From tragedy to farce
What Syriza outlines isn’t radical either in political terms or at a historical level. During the 1980s the social democratic party PASOK had a similar program. In 1981 Andreas Papandreu took office, denouncing NATO and the European Community led by bankers, promising a raise in wages, and presenting his party as the party of the non-privileged against the financial oligarchy. Once in power, he applied a program of expenditure and subsidies to sectors like the agriculture. Free health and education were expanded, particularly in the rural area.
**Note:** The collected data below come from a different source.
Lemma falling_ratio_factor_approx N a b k : (2 * a <= N)%nat -> (b <= N)%nat -> (k < a)%nat ->
  Rabs ((INR b - INR k) / (INR N - INR k) - INR b / INR N) <= 2 * INR a / INR N.
Proof.
  intros H1 H2 Hk.
  assert (Hb : INR b <= INR N) by (apply le_INR; auto).
  assert (Ha2 : 2 * INR a <= INR N)
    by (replace 2 with (INR 2) by (simpl; ring); rewrite <- mult_INR; apply le_INR; auto).
  assert (Hk' : INR k < INR a) by (apply lt_INR; auto). pose proof (pos_INR k). pose proof (pos_INR b).
  assert (Hu : 0 < / (INR N - INR k)) by (apply Rinv_0_lt_compat; lra).
  assert (Hv : 0 < / INR N) by (apply Rinv_0_lt_compat; lra).
  assert (Eu : (INR N - INR k) * / (INR N - INR k) = 1) by (apply Rinv_r; lra).
  replace ((INR b - INR k) / (INR N - INR k) - INR b / INR N)
    with (- (INR k * ((INR N - INR b) * / (INR N - INR k)) * / INR N)) by (field; lra).
  assert (Hw : 0 <= (INR N - INR b) * / (INR N - INR k) <= 2).
  { split; [apply Rmult_le_pos; lra|].
    apply Rle_trans with (2 * (INR N - INR k) * / (INR N - INR k)).
    - apply Rmult_le_compat_r; lra.
    - rewrite Rmult_assoc, Eu; lra. }
  rewrite Rabs_Ropp, Rabs_right by (apply Rle_ge; apply Rmult_le_pos; [apply Rmult_le_pos|]; lra).
  unfold Rdiv. apply Rmult_le_compat_r; [lra|]. nra.
Qed.

Lemma falling_ratio_approx N a b : (2 * a <= N)%nat -> (b <= N)%nat -> (1 <= N)%nat ->
  Rabs (falling_ratio N a b - (INR b / INR N) ^ a) <= 2 * INR a ^ 2 / INR N.
Proof.
  intros H1 H2 H3.
  assert (HN : 1 <= INR N) by (replace 1 with (INR 1) by (simpl; ring); apply le_INR; auto).
  assert (Hb : 0 <= INR b <= INR N) by (split; [apply pos_INR|apply le_INR; auto]).
  assert (Hbn : 0 <= INR b / INR N <= 1) by (split; [apply Rdiv_nonneg|apply Rdiv_le_1]; lra).
  destruct (Nat.lt_ge_cases b a).
  - (* [(b/N)^a <= b/N < a/N] *)
    rewrite falling_ratio_lt by auto. destruct a; [lia|].
    assert (Hba : INR b + 1 <= INR (S a)) by (rewrite <- S_INR; apply le_INR; lia).
    rewrite Rminus_0_l, Rabs_Ropp, Rabs_right by (apply Rle_ge, pow_le; lra).
    change ((INR b / INR N) ^ S a) with (INR b / INR N * (INR b / INR N) ^ a).
    assert (0 <= (INR b / INR N) ^ a <= 1) by (split; [apply pow_le|apply pow_le_1]; lra).
    unfold Rdiv in *. assert (0 < / INR N) by (apply Rinv_0_lt_compat; lra).
    pose proof (pos_INR a). rewrite S_INR in *. nra.
  - rewrite pow_prodn. eapply Rle_trans; [apply prodn_diff|].
    + intros k Hk. split; auto. assert (INR k < INR b) by (apply lt_INR; lia).
      split; [apply Rlt_le, Rdiv_lt_0_compat|apply Rdiv_le_1]; lra.
    + apply Rle_trans with (sum_upto (fun _ => 2 * INR a / INR N) a).
      * apply sum_upto_le. intros k Hk. apply falling_ratio_factor_approx; auto.
      * rewrite sum_upto_const. right; field; lra.
Qed.

(** * Polynomials positive on a unit cube *)

Definition monomial (m : nat) (al : nat -> nat) (y : point) : R := prodn (fun k => y k ^ al k) m.

Definition mpoly (m : nat) (mons : list (R * (nat -> nat))) (y : point) : R :=
  lsum mons (fun t => fst t * monomial m (snd t) y).

Definition cube_prod (m : nat) (a b : nat -> nat) (y : point) : R :=
  prodn (fun k => y k ^ a k * (1 - y k) ^ b k) m.

Definition bern_prod (Nv : nat -> nat) (m : nat) (q : nat -> nat) (y : point) : R :=
  prodn (fun k => bernstein (Nv k) (q k) (y k)) m.

Definition bern_weight (Nv : nat -> nat) (m : nat) (al q : nat -> nat) : R :=
  prodn (fun k => falling_ratio (Nv k) (al k) (q k)) m.

Definition deg_on (J : nat -> Prop) (N : nat) (k : nat) : nat :=
  if excluded_middle_informative (J k) then N else 0%nat.

Definition bern_coef (Nv : nat -> nat) (m : nat) (mons : list (R * (nat -> nat))) (q : nat -> nat) : R :=
  lsum mons (fun t => fst t * bern_weight Nv m (snd t) q).

Definition grid_point (Nv : nat -> nat) (q : nat -> nat) (k : nat) : R := INR (q k) / INR (Nv k).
A “socialization of companies” was established, which was socialist only in name: it consisted in adding workers representatives in the companies’ board of directors (in Papandreu’s second term, after denunciations of corruption to favor PASOK militants, that practice was abandoned).
These measures were supported with debt: public debt grew from 18% of GDP in the 1970s to almost 50% in the 1980s. That is why Papandreu abandoned his campaign rhetoric and allowed the USA to keep military bases in exchange for financing.
But in 1986, during his second term, facing a crisis, he had to reduce public spending and apply an austerity plan. The drachma was devalued and price control and wage freeze were decreed. As a consequence, popular mobilizations ensued, with two general strikes in 1986 and 1987. PASOK lost the country’s main municipalities in the next elections, initiating its political decline until final exit in 19892.
This experience has many points in common with Syriza’s current program and with the trajectory of Latin America’s populisms. Some would argue that the failure was because the neoliberal assault was stronger than the forces of change. And that now there is an opportunity, if finances can be kept in check and the debt pressure is unburdened. The question is if Greece can achieve that goal outside the international credit systems, and even the European Union. The issue is beyond the debt: it is rooted in the country’s economic structure.
Crisis and ¿opportunity?3
Since 2008, Greece’s socio-economic indicators are plummeting: the GDP shrunk by 25% (the fifth position among the countries that contracted the most). The industrial activity fell and the productivity of labor stagnated or even decreased since 2010, an unusual case in the world. The industrial rate of profit collapsed, registering negative values in 2013. The real wage in the manufacturing industry lost a fifth of its value. Recession, default and rumors of a possible exit from the European Union manifested in a constant outflow of deposits from the financial system, decreasing by a third since the end of 2010. The unemployment rate, which until the mid-2000s was close to the general average in Europe, shot up to nearly 30%. Among young people the situation is even worse: for those under the age of 25, unemployment is almost 60%, which makes Greece the country with the third highest unemployment rate in that sector of the population, after Bosnia and Kosovo. Total public debt amounted to 175% of the GDP in 2013 and 1.115% of exports.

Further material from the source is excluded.